Allí decís “que la scarparo es bien argentina; lástima que nadie se ponga de acuerdo acerca de qué es y qué lleva. La salsa scarparo, así, es una impostora que padece trastorno de personalidad múltiple causada por su crisis de identidad: no logré encontrar dos recetas que sean iguales.”
Acaso, ¿no nos pasó eso con el tuco? Las experiencias con ambas salsas, me permiten ensayar una teoría general de las salsas porteñas: no tienen, salvo algunos pocos casos particulares, recetas estabilizadas. (3) Dos condiciones lo impiden: las salsas mutan de modo permanente y las denominaciones se desplazan de un lado a otro refiriendo a fórmulas distintas. Como decís en relación con la scarparo, “no son pocos los líos que se originan en los restaurantes cuando un pide confiado la scarparo que tiene en mente y le traen otra totalmente deiferente.”
Esto no sólo impacta sobre las salsas que se han creado en La Argentina (scarparo, tuco, etc.), sino también ocurre con las que tienen referencia en recetas italianas claramente identificables (carbonara, pesto, boloñesa, etc.). Tal vez las únicas recetas estables sean el estofado, porque no es una salsa en sentido estricto, aunque se pueda usar como tal con la pasta, y la parisienne, porque ha caído en desuso, como todo o casi todo lo que lleve salsa blanca.

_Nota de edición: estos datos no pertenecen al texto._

Lemma damping_margin al c0 : 0 < al -> 0 < c0 ->
  exists dl, 0 < dl /\ dl * (2 + 2 * al) <= al /\ dl * (2 + 2 * al) <= al * c0.
Proof.
  intros Hal Hc0. exists (al * Rmin 1 c0 / (2 + 2 * al)).
  pose proof (Rmin_l 1 c0). pose proof (Rmin_r 1 c0).
  assert (0 < Rmin 1 c0) by (apply Rmin_pos; lra).
  replace (al * Rmin 1 c0 / (2 + 2 * al) * (2 + 2 * al)) with (al * Rmin 1 c0) by (field; lra).
  repeat split; [apply Rdiv_lt_0_compat; nra|nra|nra].
Qed.

Lemma is_solution_unique N p y z T1 T2 : 1 < p -> 0 < alpha_const N p ->
  is_solution N p y T1 -> is_solution N p z T2 -> near_minus_infty (fun t => y t = z t).
Proof.
  intros Hp Hal [[y1 [y2 Hy]] Hylim] [[z1 [z2 Hz]] Hzlim].
  set (al := alpha_const N p) in *. set (c0 := p - 1).
  destruct (damping_margin al c0 Hal ltac:(unfold c0; lra)) as (dl & Hdl & Hdl1 & Hdl2).
  destruct
 (Rpower_sub_linear p (dl / 4)) as [eta [Heta Hpow]]; [lra|].
  set (e := Rmin 1 (dl / (2 * (p + 1)))).
  assert (He : 0 < e) by (apply Rmin_pos; [lra|apply Rdiv_lt_0_compat; lra]).
  assert (He1 : e <= 1) by apply Rmin_l.
  assert (He2 : (p + 1) * e <= dl / 2).
  { apply Rle_trans with ((p + 1) * (dl / (2 * (p + 1)))).
    - apply Rmult_le_compat_l; [lra|apply Rmin_r].
    - right. field. lra. }
  destruct (near_minus_infty_and _ _ (ex_intro _ T1 Hy)
    (near_minus_infty_and _ _ (ex_intro _ T2 Hz)
    (near_minus_infty_and _ _ (Hylim (Rmin eta (1 / 2)) ltac:(apply Rmin_pos; lra))
    (near_minus_infty_and _ _ (Hzlim (Rmin eta (1 / 2)) ltac:(apply Rmin_pos; lra))
    (near_minus_infty_and _ _ (lim_B0 N p e He) (lim_B1 N p e He))))))
    as [T HT].
  exists T. intros t Ht. apply Rminus_diag_uniq. revert t Ht.
  apply (damped_linear_zero al c0 dl T (fun t => y t - z t) (fun t => y1 t - z1 t)
    (fun t => - (y t - z t) + (1 + B0 N p t) * (Rpower (y t) p - Rpower (z t) p)
              + Defs.B1 N p t * (y t - z t))); auto; try (unfold c0; lra).
  - intros s Hs. destruct (HT s Hs) as ((Hy1 & Hy2 & Hyeq) & (Hz1 & Hz2 & Hzeq) & _).
    split; [now apply derivable_pt_lim_minus'|].
    apply (derivable_pt_lim_val _ _ _ (y2 s - z2 s)); [unfold powp in *; lra|].
    now apply derivable_pt_lim_minus'.
  - intros s Hs. destruct (HT s Hs) as (_ & _ & Hys & Hzs & Hb0 & Hb1).
    rewrite Rminus_0_r in Hb0, Hb1. pose proof (Rmin_l eta (1 / 2)).
    replace (_ - c0 * (y s - z s)) with
      ((Rpower (y s) p - Rpower (z s) p - p * (y s - z s))
       + B0 N p s * ((Rpower (y s) p - Rpower (z s) p - p * (y s - z s)) + p * (y s - z s))
       + Defs.B1 N p s * (y s - z s)) by (unfold c0; ring).
    apply perturbation_le; try lra.
    + apply Hpow; lra.
    + nra.
  - intros s Hs. destruct (HT s Hs) as (_ & _ & Hys & Hzs & _).
    apply Rabs_lt_between' in Hys. apply Rabs_lt_between' in Hzs.
    pose proof (Rmin_r eta (1 / 2)). apply Rabs_le. split; lra.
Qed.

(** * The power-series solution *)

Section CourseOfValues.
Context {A : Type} (a0 : A) (step : (nat -> A) -> nat -> A).

(* [cov_table k] agrees with the sequence on [0..k]; [a0] is a dummy value. *)
Fixpoint cov_table (k : nat) : nat -> A :=
  match k with
  | O => fun _ => step (fun _ => a0) O
  | S j => fun i => if (i <=? j)%nat then cov_table j i else step (cov_table j) (S j)
  end.

Definition cov_seq (k : nat) : A := cov_table k k.

Lemma cov_table_stable k i : (i <= k)%nat -> cov_table k i = cov_seq i.
Proof.
  induction k as [|j IH]; intros Hi.
  - now replace i with O by lia.
  - destruct (Nat.le_gt_cases i j) as [Hij|Hij].
    + simpl. rewrite (proj2 (Nat.leb_le i j) Hij). auto.
    + now replace i with (S j) by lia.
Qed.

Hypothesis step_local : forall f g k,
  (forall i, (i < k)%nat -> f i = g i) -> step f k = step g k.

Lemma cov_seq_step k : cov_seq k = step cov_seq k.
Proof.
  destruct k as [|j].
  - apply step_local. lia.
  - unfold cov_seq at 1.
    replace (cov_table (S j) (S j)) with (step (cov_table j) (S j)).
    + apply step_local. intros i Hi. apply cov_table_stable. lia.
    + simpl. destruct j as [|j]; [reflexivity|].
      now rewrite (proj2 (Nat.leb_gt (S j) j)) by lia.
Qed.

End CourseOfValues.

(* Coefficients of [x d/dx] applied to a power series. *)
Definition euler (c : nat -> R) (k : nat) : R := INR k * c k.

Lemma CV_radius_euler c : CV_radius (euler c) = CV_radius c.
Proof.
  transitivity (CV_radius (PS_incr_1 (PS_derive c))).
  - apply CV_radius_ext. intros [|k]; [|reflexivity].
    change (INR 0 * c 0%nat = 0). simpl. ring.
  - rewrite CV_radius_incr_1. apply CV_radius_derive.
Qed.

Lemma PSeries_euler c x : PSeries (euler c) x = x * PSeries (PS_derive c) x.
Proof.
  rewrite <- PSeries_incr_1. apply PSeries_ext. intros [|k]; [|reflexivity].
  change (INR 0 * c 0%nat = 0). simpl. ring.
Qed.

Lemma derivable_pt_lim_PSeries_exp c m t :
  Rbar_lt (Rabs (exp (2 * m * t))) (CV_radius c) ->
  derivable_pt_lim (fun t => PSeries c (exp (2 * m * t))) t
    (2 * m * PSeries (euler c) (exp (2 * m * t))).
Proof.
  intros H.
  apply (derivable_pt_lim_val _ _ _
    (PSeries (PS_derive c) (exp (2 * m * t)) * (2 * m * exp (2 * m * t))));
    [rewrite PSeries_euler; ring|].
  apply (derivable_pt_lim_comp' (PSeries c) (fun t => exp (2 * m * t))).
  - apply derivable_pt_lim_exp_scal.
  - now apply is_derive_Reals, is_derive_PSeries.
Qed.

Lemma CV_radius_ge_geometric c K M : 0 < M ->
  (forall k, Rabs (c k) <= K * M ^ k) -> Rbar_le (/ M) (CV_radius c).
Proof.
  intros HM H. apply (CV_radius_bounded c). exists K. intros k.
  rewrite Rabs_mult, <- RPow_abs, (Rabs_pos_eq (/ M)) by (left; apply Rinv_0_lt_compat; lra).
  rewrite pow_inv. pose proof (pow_lt M k HM).
  apply (Rmult_le_reg_r (M ^ k)); [lra|].
  rewrite Rmult_assoc, Rinv_l, Rmult_1_r by lra. apply H.
Qed.

(* [R]-specialized forms of the Coquelicot rules, with an explicit shift in place of
   [PS_incr_1]. *)
Lemma is_pseries_plus' a b x la lb : is_pseries a x la -> is_pseries b x lb ->
  is_pseries (fun k => a k + b k) x (la + lb).
Proof. exact (is_pseries_plus a b x la lb). Qed.

Lemma is_pseries_scal' c a x la : is_pseries a x la ->
  is_pseries (fun k => c * a k) x (c * la).
Proof. exact (is_pseries_scal c a x la (Rmult_comm _ _)). Qed.

Lemma is_pseries_incr_1' a x la : is_pseries a x la ->
  is_pseries (fun k => match k with O => 0 | S j => a j end) x (x * la).
Proof. exact (is_pseries_incr_1 a x la). Qed.

Lemma is_pseries_PSeries c x : Rbar_lt (Rabs x) (CV_radius c) -> is_pseries c x (PSeries c x).
Proof. intros H. now apply PSeries_correct, CV_radius_inside. Qed.

Lemma is_pseries_0 c x l : is_pseries c x l -> (forall k, c k = 0) -> l = 0.
Proof.
  intros H H0. apply is_pseries_unique in H. rewrite <- H.
  rewrite (PSeries_ext c (fun _ => 0)) by auto. apply PSeries_const_0.
Qed.

Section PowerSeriesSolution.
Variables m al n q p : R.

(* [symbol k] is the value at [x^k] of [L = 4 m^2 (x d/dx)^2 + 2 m al (x d/dx) - 1],
   the operator [y'' + al y' - y] in the variable [x = exp (2 m t)]. *)
Definition symbol (k : nat) : R := 4 * m ^ 2 * INR k ^ 2 + 2 * m * al * INR k - 1.

(* Coefficients of [L y + W] and of [y (x W') - p (x y') W] for [y = sum a_k x^k],
   [W = sum b_k x^k]. *)
Definition lin_coef (a b : nat -> R) (k : nat) : R := symbol k * a k + b k.

Definition wr_coef (a b : nat -> R) (k : nat) : R :=
  sum_f_R0 (fun i => (INR (k - i) - p * INR i) * a i * b (k - i)%nat) k.

(* The terms of [wr_coef a b k] not involving [a k] or [b k]. *)
Definition wr_inner (a b : nat -> R) (k : nat) : R :=
  sum_f_R0 (fun i => if Nat.eqb i 0 then 0
                     else (INR (k - i) - p * INR i) * a i * b (k - i)%nat) (pred k).

Definition lin_rhs (a b : nat -> R) (j : nat) : R :=
  - (2 * lin_coef a b j + match j with O => 0 | S i => lin_coef a b i end + n * a j).

Definition wr_rhs (a b : nat -> R) (k : nat) : R :=
  (q * PS_mult a b (pred k) - wr_coef a b (pred k) - wr_inner a b k) / INR k.

(* Step [k] solves for [(a_k, b_k)] the identities between the coefficients of [x^k] in
   the two equations ([lin_coef_succ], [wr_coef_succ]); they are linear in [(a_k, b_k)]
   because [a_0 = b_0 = 1]. *)
Definition coef_step (f : nat -> R * R) (k : nat) : R * R :=
  match k with
  | O => (1, 1)
  | S j =>
      let a := fun i => fst (f i) in let b := fun i => snd (f i) in
      let ak := (lin_rhs a b j - wr_rhs a b (S j)) / (symbol (S j) + p) in
      (ak, p * ak + wr_rhs a b (S j))
  end.

Lemma coef_step_local f g k : (forall i, (i < k)%nat -> f i = g i) ->
  coef_step f k = coef_step g k.
Proof.
  intros H. destruct k as [|j]; [reflexivity|].
  set (a := fun i => fst (f i)). set (b := fun i => snd (f i)).
  set (a' := fun i => fst (g i)). set (b' := fun i => snd (g i)).
  assert (Hab : forall i, (i <= j)%nat -> a i = a' i /\ b i = b' i).
  { intros i Hi. unfold a, b, a', b'. rewrite (H i) by lia. auto. }
  assert (HL : lin_rhs a b j = lin_rhs a' b' j).
  { unfold lin_rhs, lin_coef. destruct j as [|i].
    - destruct (Hab O (le_n _)) as [-> ->]. reflexivity.
    - destruct (Hab (S i) (le_n _)) as [-> ->]. destruct (Hab i ltac:(lia)) as [-> ->].
      reflexivity. }
  assert (HW : wr_rhs a b (S j) = wr_rhs a' b' (S j)).
  { unfold wr_rhs, wr_coef, wr_inner, PS_mult. simpl pred. f_equal. f_equal. f_equal.
    - f_equal. apply sum_eq. intros i Hi.
      destruct (Hab i Hi) as [-> _]. now destruct (Hab (j - i)%nat ltac:(lia)) as [_ ->].
    - apply sum_eq. intros i Hi.
      destruct (Hab i Hi) as [-> _]. now destruct (Hab (j - i)%nat ltac:(lia)) as [_ ->].
    - apply sum_eq. intros i Hi. destruct (Nat.eqb_spec i 0) as [_|Hi0]; [reflexivity|].
      destruct (Hab i Hi) as [-> _]. now destruct (Hab (S j - i)%nat ltac:(lia)) as [_ ->]. }
  simpl. fold a b a' b'. now rewrite HL, HW.
Qed.

Definition coef_a (k : nat) : R := fst (cov_seq (1, 1) coef_step k).
Definition coef_b (k : nat) : R := snd (cov_seq (1, 1) coef_step k).

Lemma coef_a_0 : coef_a 0 = 1.
Proof. reflexivity. Qed.

Lemma coef_b_0 : coef_b 0 = 1.
Proof. reflexivity. Qed.

Lemma coef_succ j :
  coef_a (S j) = (lin_rhs coef_a coef_b j - wr_rhs coef_a coef_b (S j)) / (symbol (S j) + p) /\
  coef_b (S j) = p * coef_a (S j) + wr_rhs coef_a coef_b (S j).
Proof.
  unfold coef_a, coef_b. rewrite (cov_seq_step _ _ coef_step_local (S j)). split; reflexivity.
Qed.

¿Cuáles son las posibles causas? Descartemos las modificaciones que se producen de casa en casa porque este atributo es compartido por todas las recetas de las historias humanas sobre el planeta. De todos modos, esas diferencias sólo impactan en la estabilidad de las recetas a lo largo de muchos años. Pienso en cosas mucho más contundentes.
Me parece que una de ellas se cifra en el intercambio entre las distintas tradiciones de las colectividades de inmigrantes, tanto en las casas de familia como en la restauración. Es de Perogrullo descubrir ahora que, durante muchos años, las recetas italianas fueron cocinadas por restauradores gallegos. Ya hemos hecho referencia a ello en otras reflexiones.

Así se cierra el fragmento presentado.